- Activity -
Find the line with "(forall n, is_subgroup (G n)) ->" and the line with "destruct (diagonal_conjugation (fun" in the entries below; output exactly those two lines, every line between them, and no others.

- Dataset -
(* Given, for each n, a conjugating sequence (h n k)_k that works for the finite
   list L n, and an increasing family of lists, the diagonal sequence
   H n := h n (k n), with k n chosen so that the conjugates of all of L n are
   1/(n+1)-close to the identity, works for every element of every L m. *)
Lemma diagonal_conjugation (h hi : nat -> nat -> R -> R) (L : nat -> list (R -> R)) :
  (forall n k, Diff1p (h n k)) -> (forall n k, invp (h n k) (hi n k)) ->
  (forall n g, In g (L n) -> C1_conv_id (fun k => cj (h n k) (hi n k) g)) ->
  (forall m n g, (m <= n)%nat -> In g (L m) -> In g (L n)) ->
  exists H Hi, (forall n, Diff1p (H n)) /\ (forall n, invp (H n) (Hi n)) /\
    forall m g, In g (L m) -> Conv H Hi g.
Proof.
  intros HD HI Hconv Hmono.
  destruct (choice (fun n k => forall g, In g (L n) ->
      Near (cj (h n k) (hi n k) g) (/ (INR n + 1)))) as [kk Hkk].
  { intros n.
    assert (Hpos : / (INR n + 1) > 0).
    { apply Rinv_0_lt_compat. pose proof (pos_INR n). lra. }
    destruct (list_near (h n) (hi n) (L n) (Hconv n) _ Hpos) as [N HN].
    exists N. apply HN; lia. }
  exists (fun n => h n (kk n)), (fun n => hi n (kk n)).
  split; [auto | split; [auto|]].
  intros m g Hg eps He. destruct (archimed_cor1 eps He) as [N [HN HN0]].
  exists (Nat.max m N). intros n Hn.
  apply (near_mono _ (/ (INR n + 1))).
  - assert (INR N <= INR n) by (apply le_INR; lia).
    assert (0 < INR N) by (apply lt_0_INR; lia).
    assert (/ (INR n + 1) <= / INR N) by (apply Rinv_le_contravar; lra).
    lra.
  - apply Hkk, (Hmono m); [lia | exact Hg].
Qed.

Fixpoint cumul (SS : nat -> list (R -> R)) (n : nat) : list (R -> R) :=
  match n with
  | 0%nat => SS 0%nat
  | S n' => SS n ++ cumul SS n'
  end.

Lemma cumul_base SS n s : In s (SS n) -> In s (cumul SS n).
Proof. destruct n as [|n]; simpl; auto using in_or_app. Qed.

Lemma cumul_mono SS m n s : (m <= n)%nat -> In s (cumul SS m) -> In s (cumul SS n).
Proof. induction 1; simpl; auto using in_or_app. Qed.

Lemma cumul_in (G : nat -> (R -> R) -> Prop) SS :
  (forall n f, G n f -> G (S n) f) -> (forall n s, In s (SS n) -> G n s) ->
  forall n s, In s (cumul SS n) -> G n s.
Proof.
  intros Hmono HSS. induction n as [|n IH]; simpl; intros s Hs; auto.
  apply in_app_or in Hs as [Hs|Hs]; auto.
Qed.

Theorem theoremt (G : nat -> (R -> R) -> Prop) :
  (forall n, is_subgroup (G n)) ->
  (forall n f, G n f -> G (S n) f) ->
  (forall n, fin_gen (G n)) ->
  (forall n, C1_close_id (G n)) ->
  C1_close_id (fun f => exists n, G n f).
Proof.
  intros HG Hmono Hfg Hcl.
  destruct (choice (fun n S0 => (forall s, In s S0 -> G n s) /\ (forall g, G n g -> gen S0 g)) Hfg)
    as [SS HSS].
  destruct (choice (fun n (p : (nat -> R -> R) * (nat -> R -> R)) =>
     (forall k, Diff1p (fst p k)) /\ (forall k, invp (fst p k) (snd p k)) /\
     forall g, G n g -> C1_conv_id (fun k => cj (fst p k) (snd p k) g)))
    as [hp Hhp].
  { intros n. destruct (Hcl n) as [h [hi P]]. exists (h, hi). exact P. }
  destruct (diagonal_conjugation (fun n => fst (hp n)) (fun n => snd (hp n)) (cumul SS))
    as [H [Hi [HD [HI Hconv]]]].
  - intros n. apply Hhp.
  - intros n. apply Hhp.
  - intros n g Hg. apply Hhp, (cumul_in G SS Hmono (fun n => proj1 (HSS n)) n g Hg).
  - apply cumul_mono.
  -
    exists H, Hi. split; [exact HD | split; [exact HI|]].
    intros g [m Hg].
    apply conv_C1_conv_id; auto.
    + apply (in_group_diff_like (G m)); auto. exists g; auto.
    + apply (gen_conv H Hi (G m) (SS m)); auto; [apply HSS | | apply HSS; auto].
      intros s Hs. apply (Hconv m), cumul_base, Hs.
Qed.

- Completed exercise -
  (forall n, is_subgroup (G n)) ->
  (forall n f, G n f -> G (S n) f) ->
  (forall n, fin_gen (G n)) ->
  (forall n, C1_close_id (G n)) ->
  C1_close_id (fun f => exists n, G n f).
Proof.
  intros HG Hmono Hfg Hcl.
  destruct (choice (fun n S0 => (forall s, In s S0 -> G n s) /\ (forall g, G n g -> gen S0 g)) Hfg)
    as [SS HSS].
  destruct (choice (fun n (p : (nat -> R -> R) * (nat -> R -> R)) =>
     (forall k, Diff1p (fst p k)) /\ (forall k, invp (fst p k) (snd p k)) /\
     forall g, G n g -> C1_conv_id (fun k => cj (fst p k) (snd p k) g)))
    as [hp Hhp].
  { intros n. destruct (Hcl n) as [h [hi P]]. exists (h, hi). exact P. }
  destruct (diagonal_conjugation (fun n => fst (hp n)) (fun n => snd (hp n)) (cumul SS))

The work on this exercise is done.